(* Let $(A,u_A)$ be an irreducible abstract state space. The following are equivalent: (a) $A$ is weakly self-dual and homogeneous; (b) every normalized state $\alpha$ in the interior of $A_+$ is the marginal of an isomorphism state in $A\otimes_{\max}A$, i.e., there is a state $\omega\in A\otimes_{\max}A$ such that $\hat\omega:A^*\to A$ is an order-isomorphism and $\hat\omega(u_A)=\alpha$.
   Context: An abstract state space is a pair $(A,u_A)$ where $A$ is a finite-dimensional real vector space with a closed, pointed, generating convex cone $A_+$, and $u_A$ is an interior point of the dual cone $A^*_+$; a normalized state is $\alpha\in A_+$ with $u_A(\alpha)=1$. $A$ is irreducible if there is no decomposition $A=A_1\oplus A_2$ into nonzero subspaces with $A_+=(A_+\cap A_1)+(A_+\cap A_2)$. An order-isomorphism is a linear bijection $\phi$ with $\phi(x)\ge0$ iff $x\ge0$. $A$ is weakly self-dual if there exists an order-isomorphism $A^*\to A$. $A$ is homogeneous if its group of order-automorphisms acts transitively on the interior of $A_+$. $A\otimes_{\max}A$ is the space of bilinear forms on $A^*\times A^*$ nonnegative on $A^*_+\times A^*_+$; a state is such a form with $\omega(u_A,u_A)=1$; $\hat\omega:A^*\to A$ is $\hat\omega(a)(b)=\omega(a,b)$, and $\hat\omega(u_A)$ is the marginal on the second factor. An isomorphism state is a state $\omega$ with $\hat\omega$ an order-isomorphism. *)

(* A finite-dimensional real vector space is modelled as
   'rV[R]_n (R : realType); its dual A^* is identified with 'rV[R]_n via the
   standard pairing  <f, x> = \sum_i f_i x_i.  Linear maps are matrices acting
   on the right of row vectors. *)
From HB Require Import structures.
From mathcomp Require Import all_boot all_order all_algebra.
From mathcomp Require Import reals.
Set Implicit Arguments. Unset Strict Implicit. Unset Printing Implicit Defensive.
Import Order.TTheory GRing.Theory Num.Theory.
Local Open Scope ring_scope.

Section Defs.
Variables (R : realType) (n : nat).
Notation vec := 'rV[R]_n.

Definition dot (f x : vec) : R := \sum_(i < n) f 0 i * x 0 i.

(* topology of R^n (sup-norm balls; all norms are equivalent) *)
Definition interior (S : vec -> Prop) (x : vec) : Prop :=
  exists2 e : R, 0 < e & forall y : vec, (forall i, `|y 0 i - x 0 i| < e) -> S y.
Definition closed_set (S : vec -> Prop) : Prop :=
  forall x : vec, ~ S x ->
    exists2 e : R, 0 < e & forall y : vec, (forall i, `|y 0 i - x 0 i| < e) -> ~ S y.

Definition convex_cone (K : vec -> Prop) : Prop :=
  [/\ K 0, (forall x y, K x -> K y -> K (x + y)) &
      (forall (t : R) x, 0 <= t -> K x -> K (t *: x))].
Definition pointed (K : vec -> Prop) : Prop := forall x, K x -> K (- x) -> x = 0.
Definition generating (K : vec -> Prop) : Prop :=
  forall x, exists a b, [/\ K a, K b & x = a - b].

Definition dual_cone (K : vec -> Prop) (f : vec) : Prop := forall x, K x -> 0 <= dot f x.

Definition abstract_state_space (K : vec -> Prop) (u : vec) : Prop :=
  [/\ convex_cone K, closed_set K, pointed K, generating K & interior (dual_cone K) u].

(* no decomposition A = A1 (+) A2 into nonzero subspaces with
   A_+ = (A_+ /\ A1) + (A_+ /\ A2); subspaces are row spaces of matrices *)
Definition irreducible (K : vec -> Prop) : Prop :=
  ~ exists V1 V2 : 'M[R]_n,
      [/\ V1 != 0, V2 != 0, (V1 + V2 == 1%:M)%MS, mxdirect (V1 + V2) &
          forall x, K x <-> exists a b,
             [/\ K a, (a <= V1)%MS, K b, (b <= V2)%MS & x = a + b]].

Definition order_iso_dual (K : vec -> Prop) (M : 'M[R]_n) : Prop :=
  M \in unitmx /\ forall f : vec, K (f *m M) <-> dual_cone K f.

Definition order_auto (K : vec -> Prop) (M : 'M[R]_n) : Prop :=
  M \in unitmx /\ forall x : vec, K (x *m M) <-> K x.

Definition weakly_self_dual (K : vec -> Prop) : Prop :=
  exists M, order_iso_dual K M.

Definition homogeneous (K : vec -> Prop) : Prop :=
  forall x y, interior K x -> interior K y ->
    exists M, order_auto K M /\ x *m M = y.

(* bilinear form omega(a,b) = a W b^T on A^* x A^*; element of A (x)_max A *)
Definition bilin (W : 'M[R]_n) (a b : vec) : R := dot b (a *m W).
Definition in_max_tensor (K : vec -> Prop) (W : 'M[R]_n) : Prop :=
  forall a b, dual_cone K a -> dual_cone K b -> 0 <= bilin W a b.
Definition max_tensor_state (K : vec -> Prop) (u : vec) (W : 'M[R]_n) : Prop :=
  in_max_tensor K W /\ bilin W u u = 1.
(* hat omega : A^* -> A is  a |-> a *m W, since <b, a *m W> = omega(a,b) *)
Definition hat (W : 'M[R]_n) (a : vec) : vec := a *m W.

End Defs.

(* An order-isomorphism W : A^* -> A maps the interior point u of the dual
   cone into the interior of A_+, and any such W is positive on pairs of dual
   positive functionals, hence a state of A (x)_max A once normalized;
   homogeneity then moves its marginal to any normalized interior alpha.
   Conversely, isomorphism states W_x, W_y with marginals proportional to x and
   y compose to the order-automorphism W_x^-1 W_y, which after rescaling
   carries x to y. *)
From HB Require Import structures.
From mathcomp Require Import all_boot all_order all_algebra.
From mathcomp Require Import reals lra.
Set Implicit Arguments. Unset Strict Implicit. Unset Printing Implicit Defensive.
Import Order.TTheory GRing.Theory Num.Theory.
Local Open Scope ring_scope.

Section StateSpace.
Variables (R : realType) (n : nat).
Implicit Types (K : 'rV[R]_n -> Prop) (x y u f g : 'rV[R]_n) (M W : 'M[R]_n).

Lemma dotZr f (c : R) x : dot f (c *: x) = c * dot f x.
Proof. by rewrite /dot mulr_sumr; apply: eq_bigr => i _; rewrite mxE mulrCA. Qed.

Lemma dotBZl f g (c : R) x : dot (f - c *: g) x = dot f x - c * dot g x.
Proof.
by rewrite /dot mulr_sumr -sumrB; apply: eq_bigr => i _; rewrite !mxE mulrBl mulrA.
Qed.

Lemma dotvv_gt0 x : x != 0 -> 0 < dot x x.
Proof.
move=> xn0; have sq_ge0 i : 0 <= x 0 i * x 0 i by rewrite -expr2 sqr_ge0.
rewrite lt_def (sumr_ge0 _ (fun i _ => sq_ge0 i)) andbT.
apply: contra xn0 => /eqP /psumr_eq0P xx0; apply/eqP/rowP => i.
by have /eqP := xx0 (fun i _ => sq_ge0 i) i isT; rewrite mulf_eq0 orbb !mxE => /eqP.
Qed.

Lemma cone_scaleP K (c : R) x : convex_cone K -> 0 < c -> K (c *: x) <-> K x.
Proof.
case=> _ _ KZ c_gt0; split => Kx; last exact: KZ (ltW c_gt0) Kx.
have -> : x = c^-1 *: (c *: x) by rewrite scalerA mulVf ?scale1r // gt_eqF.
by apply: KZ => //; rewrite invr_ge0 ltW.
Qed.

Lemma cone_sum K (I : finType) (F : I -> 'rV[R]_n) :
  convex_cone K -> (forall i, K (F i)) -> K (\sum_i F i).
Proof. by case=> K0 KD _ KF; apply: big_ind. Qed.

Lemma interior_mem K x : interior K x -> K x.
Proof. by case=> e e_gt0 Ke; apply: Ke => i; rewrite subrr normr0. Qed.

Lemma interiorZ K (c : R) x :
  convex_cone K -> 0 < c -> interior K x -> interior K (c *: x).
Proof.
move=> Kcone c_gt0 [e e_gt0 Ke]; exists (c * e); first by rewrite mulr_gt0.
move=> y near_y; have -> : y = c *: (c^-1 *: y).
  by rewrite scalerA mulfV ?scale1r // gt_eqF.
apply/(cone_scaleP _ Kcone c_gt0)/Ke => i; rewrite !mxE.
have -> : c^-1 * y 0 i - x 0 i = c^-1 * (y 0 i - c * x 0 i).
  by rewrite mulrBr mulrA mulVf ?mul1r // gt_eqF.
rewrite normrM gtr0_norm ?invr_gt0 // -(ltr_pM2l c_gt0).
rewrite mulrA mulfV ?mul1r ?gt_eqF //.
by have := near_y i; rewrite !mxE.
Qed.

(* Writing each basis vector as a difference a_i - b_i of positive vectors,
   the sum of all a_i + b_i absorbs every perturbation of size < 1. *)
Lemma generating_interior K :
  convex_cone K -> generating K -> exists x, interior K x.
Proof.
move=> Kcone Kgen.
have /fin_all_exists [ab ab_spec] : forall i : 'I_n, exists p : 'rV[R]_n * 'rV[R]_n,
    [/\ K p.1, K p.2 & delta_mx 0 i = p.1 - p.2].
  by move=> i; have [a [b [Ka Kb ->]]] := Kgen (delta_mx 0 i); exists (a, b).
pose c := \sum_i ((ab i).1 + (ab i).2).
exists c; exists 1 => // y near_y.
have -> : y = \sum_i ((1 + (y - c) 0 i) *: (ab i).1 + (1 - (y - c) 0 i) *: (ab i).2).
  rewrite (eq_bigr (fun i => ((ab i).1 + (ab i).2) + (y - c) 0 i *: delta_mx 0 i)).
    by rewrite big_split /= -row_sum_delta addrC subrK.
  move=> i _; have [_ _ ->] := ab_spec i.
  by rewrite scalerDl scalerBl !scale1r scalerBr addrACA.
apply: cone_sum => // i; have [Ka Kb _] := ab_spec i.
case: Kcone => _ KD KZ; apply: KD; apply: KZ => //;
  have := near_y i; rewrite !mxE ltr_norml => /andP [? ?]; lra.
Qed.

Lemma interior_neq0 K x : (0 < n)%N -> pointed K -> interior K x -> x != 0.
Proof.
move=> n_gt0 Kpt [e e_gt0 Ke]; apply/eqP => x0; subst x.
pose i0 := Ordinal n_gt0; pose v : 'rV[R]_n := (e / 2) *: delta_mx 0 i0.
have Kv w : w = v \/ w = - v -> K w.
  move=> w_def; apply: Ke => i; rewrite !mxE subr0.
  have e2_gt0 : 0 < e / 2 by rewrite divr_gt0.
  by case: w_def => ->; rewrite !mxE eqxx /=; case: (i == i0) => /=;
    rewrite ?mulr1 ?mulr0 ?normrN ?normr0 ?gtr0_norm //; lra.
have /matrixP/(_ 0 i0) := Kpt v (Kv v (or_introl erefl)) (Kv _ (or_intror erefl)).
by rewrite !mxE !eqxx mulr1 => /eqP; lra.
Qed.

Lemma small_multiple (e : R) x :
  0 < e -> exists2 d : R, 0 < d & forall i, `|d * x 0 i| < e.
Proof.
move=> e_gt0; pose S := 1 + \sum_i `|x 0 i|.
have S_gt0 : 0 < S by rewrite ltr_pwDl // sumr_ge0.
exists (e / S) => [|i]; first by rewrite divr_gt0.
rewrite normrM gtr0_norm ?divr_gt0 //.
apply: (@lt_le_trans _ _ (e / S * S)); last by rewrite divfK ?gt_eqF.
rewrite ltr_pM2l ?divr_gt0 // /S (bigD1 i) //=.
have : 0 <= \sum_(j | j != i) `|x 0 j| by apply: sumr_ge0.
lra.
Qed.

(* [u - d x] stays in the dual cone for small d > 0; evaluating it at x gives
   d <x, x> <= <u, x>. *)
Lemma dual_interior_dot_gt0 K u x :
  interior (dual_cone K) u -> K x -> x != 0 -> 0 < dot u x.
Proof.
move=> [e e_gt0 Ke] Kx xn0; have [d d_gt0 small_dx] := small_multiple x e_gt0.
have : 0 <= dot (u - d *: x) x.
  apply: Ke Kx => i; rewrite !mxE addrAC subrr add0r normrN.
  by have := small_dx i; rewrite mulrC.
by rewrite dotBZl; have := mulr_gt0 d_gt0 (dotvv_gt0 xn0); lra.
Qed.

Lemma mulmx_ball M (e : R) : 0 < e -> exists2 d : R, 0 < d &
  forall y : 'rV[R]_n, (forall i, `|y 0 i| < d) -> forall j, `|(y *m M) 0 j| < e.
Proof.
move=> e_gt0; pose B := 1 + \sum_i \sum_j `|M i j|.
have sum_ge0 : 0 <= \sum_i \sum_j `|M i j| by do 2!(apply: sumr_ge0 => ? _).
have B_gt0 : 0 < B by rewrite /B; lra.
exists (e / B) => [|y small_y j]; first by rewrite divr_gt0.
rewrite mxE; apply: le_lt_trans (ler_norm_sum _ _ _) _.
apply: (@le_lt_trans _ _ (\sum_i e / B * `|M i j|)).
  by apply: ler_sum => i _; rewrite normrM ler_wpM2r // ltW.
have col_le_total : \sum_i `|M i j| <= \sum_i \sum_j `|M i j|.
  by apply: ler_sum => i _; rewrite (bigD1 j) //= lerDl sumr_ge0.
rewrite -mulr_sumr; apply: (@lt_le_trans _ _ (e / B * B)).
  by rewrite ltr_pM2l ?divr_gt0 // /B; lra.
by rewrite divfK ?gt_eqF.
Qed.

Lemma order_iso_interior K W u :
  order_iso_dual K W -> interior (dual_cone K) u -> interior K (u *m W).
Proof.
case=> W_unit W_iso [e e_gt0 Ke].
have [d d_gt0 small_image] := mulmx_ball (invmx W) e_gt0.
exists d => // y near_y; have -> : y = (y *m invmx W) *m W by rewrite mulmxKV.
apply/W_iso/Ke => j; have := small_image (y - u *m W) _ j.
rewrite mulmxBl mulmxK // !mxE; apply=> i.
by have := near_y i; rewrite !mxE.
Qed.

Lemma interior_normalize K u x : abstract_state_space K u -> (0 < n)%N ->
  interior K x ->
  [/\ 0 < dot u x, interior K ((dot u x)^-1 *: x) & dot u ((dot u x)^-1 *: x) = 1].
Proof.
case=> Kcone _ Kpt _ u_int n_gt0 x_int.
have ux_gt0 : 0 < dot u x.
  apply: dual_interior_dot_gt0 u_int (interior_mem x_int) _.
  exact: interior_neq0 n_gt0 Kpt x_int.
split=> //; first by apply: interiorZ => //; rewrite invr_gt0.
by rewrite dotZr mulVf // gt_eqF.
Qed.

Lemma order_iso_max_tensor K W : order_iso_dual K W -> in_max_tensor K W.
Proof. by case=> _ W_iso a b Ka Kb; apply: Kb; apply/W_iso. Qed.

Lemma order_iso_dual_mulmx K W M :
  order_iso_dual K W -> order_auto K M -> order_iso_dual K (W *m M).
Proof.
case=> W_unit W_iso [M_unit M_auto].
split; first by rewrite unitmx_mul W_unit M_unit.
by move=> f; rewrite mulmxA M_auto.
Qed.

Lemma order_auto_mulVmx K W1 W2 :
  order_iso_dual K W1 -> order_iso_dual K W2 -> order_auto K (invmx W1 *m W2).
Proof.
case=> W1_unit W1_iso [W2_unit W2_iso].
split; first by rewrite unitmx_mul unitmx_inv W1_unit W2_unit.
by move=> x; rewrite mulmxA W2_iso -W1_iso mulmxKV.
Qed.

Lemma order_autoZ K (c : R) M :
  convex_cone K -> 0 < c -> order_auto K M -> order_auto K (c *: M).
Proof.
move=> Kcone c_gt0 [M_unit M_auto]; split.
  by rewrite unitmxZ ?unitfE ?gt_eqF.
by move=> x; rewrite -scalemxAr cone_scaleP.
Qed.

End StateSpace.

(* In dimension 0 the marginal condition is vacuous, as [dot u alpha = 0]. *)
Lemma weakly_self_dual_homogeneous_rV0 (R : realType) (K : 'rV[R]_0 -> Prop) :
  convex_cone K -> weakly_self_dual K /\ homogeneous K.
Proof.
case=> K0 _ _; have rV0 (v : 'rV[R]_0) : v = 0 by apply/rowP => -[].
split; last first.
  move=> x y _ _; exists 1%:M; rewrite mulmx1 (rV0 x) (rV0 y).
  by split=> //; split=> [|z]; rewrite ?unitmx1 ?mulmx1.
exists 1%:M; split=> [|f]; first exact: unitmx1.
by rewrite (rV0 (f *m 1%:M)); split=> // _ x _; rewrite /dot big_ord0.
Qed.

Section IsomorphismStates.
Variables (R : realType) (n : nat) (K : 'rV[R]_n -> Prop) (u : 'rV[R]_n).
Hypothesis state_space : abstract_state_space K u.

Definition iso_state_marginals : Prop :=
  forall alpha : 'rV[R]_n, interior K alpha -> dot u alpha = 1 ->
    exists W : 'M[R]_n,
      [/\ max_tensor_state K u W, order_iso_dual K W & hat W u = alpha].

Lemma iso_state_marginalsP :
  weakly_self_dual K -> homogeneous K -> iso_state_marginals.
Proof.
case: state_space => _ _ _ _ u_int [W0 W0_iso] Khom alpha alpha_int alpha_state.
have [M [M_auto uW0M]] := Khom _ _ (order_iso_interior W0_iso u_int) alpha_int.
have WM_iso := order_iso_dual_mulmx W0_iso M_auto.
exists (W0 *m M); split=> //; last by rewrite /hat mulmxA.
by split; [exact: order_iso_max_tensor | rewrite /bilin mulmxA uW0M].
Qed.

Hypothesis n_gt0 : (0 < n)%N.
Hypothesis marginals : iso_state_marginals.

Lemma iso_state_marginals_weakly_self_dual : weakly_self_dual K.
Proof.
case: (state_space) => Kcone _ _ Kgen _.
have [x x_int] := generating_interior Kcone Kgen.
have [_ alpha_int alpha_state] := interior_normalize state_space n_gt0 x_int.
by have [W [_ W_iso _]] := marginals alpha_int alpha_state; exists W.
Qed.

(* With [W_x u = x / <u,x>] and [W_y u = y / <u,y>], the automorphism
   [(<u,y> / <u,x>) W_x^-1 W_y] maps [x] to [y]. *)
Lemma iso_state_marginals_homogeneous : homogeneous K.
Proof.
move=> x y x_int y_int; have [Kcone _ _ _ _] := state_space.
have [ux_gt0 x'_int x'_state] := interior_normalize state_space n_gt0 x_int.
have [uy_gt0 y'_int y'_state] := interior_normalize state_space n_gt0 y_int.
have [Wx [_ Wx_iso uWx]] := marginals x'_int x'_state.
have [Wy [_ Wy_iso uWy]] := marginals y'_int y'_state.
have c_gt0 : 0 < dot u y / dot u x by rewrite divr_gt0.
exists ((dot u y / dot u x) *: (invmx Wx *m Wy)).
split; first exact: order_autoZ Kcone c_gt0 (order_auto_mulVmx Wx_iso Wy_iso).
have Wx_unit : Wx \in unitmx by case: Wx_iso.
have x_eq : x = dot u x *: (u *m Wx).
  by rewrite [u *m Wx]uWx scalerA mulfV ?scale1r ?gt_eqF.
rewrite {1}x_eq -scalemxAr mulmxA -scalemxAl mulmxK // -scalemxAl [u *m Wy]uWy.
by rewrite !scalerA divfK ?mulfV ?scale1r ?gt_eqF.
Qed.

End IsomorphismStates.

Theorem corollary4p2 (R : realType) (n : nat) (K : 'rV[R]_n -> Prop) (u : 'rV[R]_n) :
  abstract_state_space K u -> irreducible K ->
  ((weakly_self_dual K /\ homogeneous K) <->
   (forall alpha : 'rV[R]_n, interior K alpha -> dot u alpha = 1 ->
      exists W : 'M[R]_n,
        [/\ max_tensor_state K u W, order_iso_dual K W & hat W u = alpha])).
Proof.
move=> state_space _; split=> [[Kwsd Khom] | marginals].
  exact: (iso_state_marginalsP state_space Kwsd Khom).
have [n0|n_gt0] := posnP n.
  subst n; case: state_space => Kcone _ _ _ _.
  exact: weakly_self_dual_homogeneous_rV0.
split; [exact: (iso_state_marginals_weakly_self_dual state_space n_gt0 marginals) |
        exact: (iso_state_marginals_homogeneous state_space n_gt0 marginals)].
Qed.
* * *
Each line from the start of the records through the line holding "0 i| < e) -> S y." must be returned exactly; nothing else belongs in the answer.

Solution for this task:
(* Let $(A,u_A)$ be an irreducible abstract state space. The following are equivalent: (a) $A$ is weakly self-dual and homogeneous; (b) every normalized state $\alpha$ in the interior of $A_+$ is the marginal of an isomorphism state in $A\otimes_{\max}A$, i.e., there is a state $\omega\in A\otimes_{\max}A$ such that $\hat\omega:A^*\to A$ is an order-isomorphism and $\hat\omega(u_A)=\alpha$.
   Context: An abstract state space is a pair $(A,u_A)$ where $A$ is a finite-dimensional real vector space with a closed, pointed, generating convex cone $A_+$, and $u_A$ is an interior point of the dual cone $A^*_+$; a normalized state is $\alpha\in A_+$ with $u_A(\alpha)=1$. $A$ is irreducible if there is no decomposition $A=A_1\oplus A_2$ into nonzero subspaces with $A_+=(A_+\cap A_1)+(A_+\cap A_2)$. An order-isomorphism is a linear bijection $\phi$ with $\phi(x)\ge0$ iff $x\ge0$. $A$ is weakly self-dual if there exists an order-isomorphism $A^*\to A$. $A$ is homogeneous if its group of order-automorphisms acts transitively on the interior of $A_+$. $A\otimes_{\max}A$ is the space of bilinear forms on $A^*\times A^*$ nonnegative on $A^*_+\times A^*_+$; a state is such a form with $\omega(u_A,u_A)=1$; $\hat\omega:A^*\to A$ is $\hat\omega(a)(b)=\omega(a,b)$, and $\hat\omega(u_A)$ is the marginal on the second factor. An isomorphism state is a state $\omega$ with $\hat\omega$ an order-isomorphism. *)

(* A finite-dimensional real vector space is modelled as
   'rV[R]_n (R : realType); its dual A^* is identified with 'rV[R]_n via the
   standard pairing  <f, x> = \sum_i f_i x_i.  Linear maps are matrices acting
   on the right of row vectors. *)
From HB Require Import structures.
From mathcomp Require Import all_boot all_order all_algebra.
From mathcomp Require Import reals.
Set Implicit Arguments. Unset Strict Implicit. Unset Printing Implicit Defensive.
Import Order.TTheory GRing.Theory Num.Theory.
Local Open Scope ring_scope.

Section Defs.
Variables (R : realType) (n : nat).
Notation vec := 'rV[R]_n.

Definition dot (f x : vec) : R := \sum_(i < n) f 0 i * x 0 i.

(* topology of R^n (sup-norm balls; all norms are equivalent) *)
Definition interior (S : vec -> Prop) (x : vec) : Prop :=
  exists2 e : R, 0 < e & forall y : vec, (forall i, `|y 0 i - x 0 i| < e) -> S y.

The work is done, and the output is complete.